Agents need to know what a tool does to the world before calling it. Descriptions should go beyond structured annotations to explain consequences.

Conciseness5/5

Is the description appropriately sized, front-loaded, and free of redundancy?

The description is a single, clear sentence with no wasted words. It's front-loaded with the core purpose, making it highly efficient and easy to parse.

Shorter descriptions cost fewer tokens and are easier for agents to parse. Every sentence should earn its place.

Completeness2/5

Given the tool's complexity, does the description cover enough for an agent to succeed on first attempt?

Given no annotations and no output schema, the description is incomplete for a tool that likely returns a list of files. It doesn't explain the return format, error conditions, or behavioral details, leaving the agent with insufficient context for reliable use.

Complex tools with many parameters or behaviors need more documentation. Simple tools need less. This dimension scales expectations accordingly.

Parameters3/5

Does the description clarify parameter syntax, constraints, interactions, or defaults beyond what the schema provides?

Schema description coverage is 100%, with the parameter 'directory' fully documented in the schema. The description doesn't add any meaning beyond the schema, but the baseline is 3 when schema coverage is high, as the schema already provides adequate parameter information.

Input schemas describe structure but not intent. Descriptions should explain non-obvious parameter relationships and valid value ranges.

Purpose4/5

Does the description clearly state what the tool does and how it differs from similar tools?

The description clearly states the verb ('List') and resource ('files in the project directory'), making the purpose immediately understandable. It doesn't distinguish from the sibling tool 'calculate', but that's a different function, so the lack of explicit differentiation doesn't significantly harm clarity.
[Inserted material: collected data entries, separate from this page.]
(* Let $A\in\mathbb Z^{d\times n}$ with $\ker(A)\cap\mathbb N^n=\{0\}$ and let $B\subseteq\ker(A)$ be any subset. Then $B$ is distance reducing if and only if $B$ reduces the distance of the Graver basis $G(A)$. Similarly, $B$ is strongly distance reducing if and only if $B$ strongly reduces the distance of $G(A)$.
   Context: For $z\in\mathbb Z^n$, $z^\pm\in\mathbb N^n$ are the unique vectors with disjoint supports and $z=z^+-z^-$; $\|\cdot\|$ is the $1$-norm. The Graver basis $G(A)$ is the set of nonzero $z\in\ker(A)$ admitting no decomposition $z=u+v$ with $u,v\in\ker(A)\setminus\{0\}$, $z^+=u^++v^+$, $z^-=u^-+v^-$. For nonzero $z\in\ker(A)$ and $u\in\ker(A)$: $u$ reduces $z$ from $z^+$ if there is $\varepsilon\in\{\pm1\}$ with $z^++\varepsilon u\in\mathbb N^n$ and $\|z^++\varepsilon u-z^-\|<\|z\|$; $u$ reduces $z$ from $z^-$ if there is $\varepsilon$ with $z^-+\varepsilon u\in\mathbb N^n$ and $\|z^+-(z^-+\varepsilon u)\|<\|z\|$. $B$ reduces the distance of $Z$ if every nonzero $z\in Z$ is reduced (from $z^+$ or from $z^-$) by some $u\in B$; $B$ strongly reduces the distance of $Z$ if every nonzero $z\in Z$ is reduced from $z^+$ by some $u\in B$ and from $z^-$ by some (possibly different) $u'\in B$. $B$ is (strongly) distance reducing if it (strongly) reduces the distance of $\ker(A)$. *)

From mathcomp Require Import all_boot all_order all_algebra.
Set Implicit Arguments. Unset Strict Implicit. Unset Printing Implicit Defensive.
Import Order.TTheory GRing.Theory Num.Theory.
Local Open Scope ring_scope.

Definition zpos n (z : 'cV[int]_n) : 'cV[int]_n := map_mx (fun x => Num.max x 0) z.
Definition zneg n (z : 'cV[int]_n) : 'cV[int]_n := map_mx (fun x => Num.max (- x) 0) z.

Definition norm1 n (z : 'cV[int]_n) : int := \sum_(i < n) `|z i 0|.

Definition is_nat_vec n (v : 'cV[int]_n) : Prop := forall i, 0 <= v i 0.

Definition inker d n (A : 'M[int]_(d, n)) (z : 'cV[int]_n) : Prop := A *m z = 0.

Definition graver d n (A : 'M[int]_(d, n)) (z : 'cV[int]_n) : Prop :=
  inker A z /\ z <> 0 /\
      ~ (exists u v : 'cV[int]_n,
           inker A u /\ u <> 0 /\ inker A v /\ v <> 0 /\
           z = u + v /\ zpos z = zpos u + zpos v /\ zneg z = zneg u + zneg v).

Definition reduces_from_pos n (z u : 'cV[int]_n) : Prop :=
  exists eps : int, (eps = 1 \/ eps = -1) /\
    is_nat_vec (zpos z + eps *: u) /\
    norm1 (zpos z + eps *: u - zneg z) < norm1 z.

Definition reduces_from_neg n (z u : 'cV[int]_n) : Prop :=
  exists eps : int, (eps = 1 \/ eps = -1) /\
    is_nat_vec (zneg z + eps *: u) /\
    norm1 (zpos z - (zneg z + eps *: u)) < norm1 z.

Definition reduces_distance_of n (B Z : 'cV[int]_n -> Prop) : Prop :=
  forall z, Z z -> z <> 0 ->
    exists2 u, B u & (reduces_from_pos z u \/ reduces_from_neg z u).

Definition strongly_reduces_distance_of n (B Z : 'cV[int]_n -> Prop) : Prop :=
  forall z, Z z -> z <> 0 ->
    (exists2 u, B u & reduces_from_pos z u) /\
    (exists2 u', B u' & reduces_from_neg z u').

Definition distance_reducing d n (A : 'M[int]_(d, n)) (B : 'cV[int]_n -> Prop) : Prop :=
  reduces_distance_of B (inker A).

Definition strongly_distance_reducing d n (A : 'M[int]_(d, n)) (B : 'cV[int]_n -> Prop) : Prop :=
  strongly_reduces_distance_of B (inker A).

From mathcomp Require Import all_boot all_order all_algebra.
From mathcomp Require Import zify.
From Stdlib Require Import Classical.
Set Implicit Arguments. Unset Strict Implicit. Unset Printing Implicit Defensive.
Import Order.TTheory GRing.Theory Num.Theory.
Local Open Scope ring_scope.

(* Every nonzero z in ker(A) dominates some Graver element g in the conformal
   order (g and z agree in sign and |g_i| <= |z_i| for all i): if z is not in
   G(A), a conformal splitting z = u + v gives a shorter kernel element below z.
   Reducing g then reduces z as well: for g ⊑ z we have
   z^+ + eps u = (z^+ - g^+) + (g^+ + eps u) >= 0 and
   ||z + eps u|| <= ||z - g|| + ||g + eps u|| < ||z - g|| + ||g|| = ||z||,
   and the case of z^- is the case of z^+ for -z. *)

Definition conformal n (g z : 'cV[int]_n) : Prop :=
  forall i, (0 <= g i 0 <= z i 0) \/ (z i 0 <= g i 0 <= 0).

Lemma conformal_refl n (z : 'cV[int]_n) : conformal z z.
Proof. by move=> i; lia. Qed.

Lemma conformal_trans n (a b c : 'cV[int]_n) :
  conformal a b -> conformal b c -> conformal a c.
Proof. by move=> ab bc i; move: (ab i) (bc i); lia. Qed.

Lemma conformalN n (g z : 'cV[int]_n) : conformal g z -> conformal (- g) (- z).
Proof. by move=> gz i; move: (gz i); rewrite !mxE /=; lia. Qed.

Lemma zposN n (z : 'cV[int]_n) : zpos (- z) = zneg z.
Proof. by apply/matrixP => i j; rewrite !mxE. Qed.

Lemma znegN n (z : 'cV[int]_n) : zneg (- z) = zpos z.
Proof. by apply/matrixP => i j; rewrite !mxE opprK. Qed.

Lemma zpos_addr_subr_zneg n (z w : 'cV[int]_n) : zpos z + w - zneg z = z + w.
Proof. by apply/matrixP => i j; rewrite !mxE /=; lia. Qed.

Lemma conformal_zpos_subr n (g z : 'cV[int]_n) :
  conformal g z -> is_nat_vec (zpos z - zpos g).
Proof. by move=> gz i; move: (gz i); rewrite !mxE /=; lia. Qed.

Lemma is_nat_vecD n (a b : 'cV[int]_n) :
  is_nat_vec a -> is_nat_vec b -> is_nat_vec (a + b).
Proof. by move=> a0 b0 i; rewrite mxE addr_ge0. Qed.

Lemma norm1N n (z : 'cV[int]_n) : norm1 (- z) = norm1 z.
Proof. by apply: eq_bigr => i _; rewrite mxE normrN. Qed.

Lemma norm1D n (a b : 'cV[int]_n) : norm1 (a + b) <= norm1 a + norm1 b.
Proof. by rewrite -big_split; apply: ler_sum => i _; rewrite mxE ler_normD. Qed.

Lemma norm1_eq0 n (z : 'cV[int]_n) : norm1 z = 0 -> z = 0.
Proof.
move=> /psumr_eq0P z0; apply/matrixP => i j.
by rewrite ord1 mxE; apply: normr0_eq0; apply: z0.
Qed.

Lemma norm1_gt0 n (z : 'cV[int]_n) : z <> 0 -> 0 < norm1 z.
Proof.
move=> nz; rewrite lt_def sumr_ge0 // andbT.
by apply/eqP => /norm1_eq0.
Qed.

Lemma norm1_conformal n (g z : 'cV[int]_n) :
  conformal g z -> norm1 z = norm1 (z - g) + norm1 g.
Proof.
move=> gz; rewrite -big_split; apply: eq_bigr => i _ /=.
by move: (gz i); rewrite !mxE /=; lia.
Qed.

Lemma conformal_sum n (u v : 'cV[int]_n) :
  zpos (u + v) = zpos u + zpos v -> zneg (u + v) = zneg u + zneg v ->
  conformal u (u + v).
Proof.
move=> /matrixP Ep /matrixP En i.
by move: (Ep i 0) (En i 0); rewrite !mxE /=; lia.
Qed.

Section GraverConformal.

Variables (d n : nat) (A : 'M[int]_(d, n)).

Lemma not_graver_conformal_lt (z : 'cV[int]_n) : inker A z -> z <> 0 ->
  ~ graver A z ->
  exists u, [/\ inker A u, u <> 0, conformal u z & norm1 u < norm1 z].
Proof.
move=> Az nz notG.
have [u [v [Au [nu [_ [nv [-> [Ep En]]]]]]]] :
    exists u v : 'cV[int]_n, inker A u /\ u <> 0 /\ inker A v /\ v <> 0 /\
      z = u + v /\ zpos z = zpos u + zpos v /\ zneg z = zneg u + zneg v.
  by apply: NNPP => split_z; apply: notG.
have uz := conformal_sum Ep En.
exists u; split=> //.
by rewrite (norm1_conformal uz) [u + v]addrC addrK ltrDr norm1_gt0.
Qed.

Lemma graver_conformal (z : 'cV[int]_n) : inker A z -> z <> 0 ->
  exists2 g, graver A g & conformal g z.
Proof.
have [k] := ubnP `|norm1 z|%N; elim: k z => // k IHk z lt_zk Az nz.
case: (classic (graver A z)) => [Gz | notG].
  by exists z => //; apply: conformal_refl.
have [u [Au nu uz lt_uz]] := not_graver_conformal_lt Az nz notG.
have [|g Gg gu] := IHk u _ Au nu.
  by move: lt_zk lt_uz (norm1_gt0 nu); lia.
by exists g => //; apply: conformal_trans gu uz.
Qed.

End GraverConformal.

Lemma reduces_from_negE n (z u : 'cV[int]_n) :
  reduces_from_neg z u <-> reduces_from_pos (- z) u.
Proof.
rewrite /reduces_from_neg /reduces_from_pos zposN znegN norm1N.
have normE e : norm1 (zpos z - (zneg z + e *: u)) = norm1 (zneg z + e *: u - zpos z).
  by rewrite -norm1N opprB.
by split=> -[e [e1 [nat_e lt_e]]]; exists e; rewrite ?normE in lt_e *.
Qed.

Lemma reduces_from_pos_conformal n (g z u : 'cV[int]_n) :
  conformal g z -> reduces_from_pos g u -> reduces_from_pos z u.
Proof.
move=> gz [e [e1 [nat_g lt_g]]]; exists e; split=> //.
have splitE : zpos z + e *: u = (zpos z - zpos g) + (zpos g + e *: u).
  by rewrite addrA subrK.
split; first by rewrite splitE; apply: is_nat_vecD nat_g; apply: conformal_zpos_subr.
rewrite !zpos_addr_subr_zneg in lt_g *.
have -> : z + e *: u = (z - g) + (g + e *: u) by rewrite addrA subrK.
by rewrite (norm1_conformal gz); apply: le_lt_trans (norm1D _ _) _; rewrite ltrD2l.
Qed.

Lemma reduces_from_neg_conformal n (g z u : 'cV[int]_n) :
  conformal g z -> reduces_from_neg g u -> reduces_from_neg z u.
Proof.
rewrite !reduces_from_negE => gz.
exact/reduces_from_pos_conformal/conformalN.
Qed.

Theorem theorem7p4 (d n : nat) (A : 'M[int]_(d, n)) (B : 'cV[int]_n -> Prop) :
  (forall z : 'cV[int]_n, inker A z -> is_nat_vec z -> z = 0) ->
  (forall u, B u -> inker A u) ->
  (distance_reducing A B <-> reduces_distance_of B (graver A)) /\
  (strongly_distance_reducing A B <-> strongly_reduces_distance_of B (graver A)).
Proof.
move=> _ _; split; split.
- by move=> redB z [Az _]; apply: redB.
- move=> redB z Az nz; have [g Gg gz] := graver_conformal Az nz.
  have [u Bu red_g] := redB g Gg (proj1 (proj2 Gg)).
  exists u => //; case: red_g => red_g.
  + by left; apply: reduces_from_pos_conformal red_g.
  + by right; apply: reduces_from_neg_conformal red_g.
- by move=> redB z [Az _]; apply: redB.
- move=> redB z Az nz; have [g Gg gz] := graver_conformal Az nz.
  have [[u Bu red_pos] [u' Bu' red_neg]] := redB g Gg (proj1 (proj2 Gg)).
  split; [exists u | exists u'] => //.
  + exact: reduces_from_pos_conformal red_pos.
  + exact: reduces_from_neg_conformal red_neg.
Qed.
Agents choose between tools based on descriptions. A clear purpose with a specific verb and resource helps agents select the right tool.

Usage Guidelines2/5

Does the description explain when to use this tool, when not to, or what alternatives exist?

No guidance is provided on when to use this tool versus alternatives or in what context it's appropriate. The description only states what it does, not when or why to invoke it, leaving the agent without usage context.

Agents often have multiple tools that could apply. Explicit usage guidance like "use X instead of Y when Z" prevents misuse.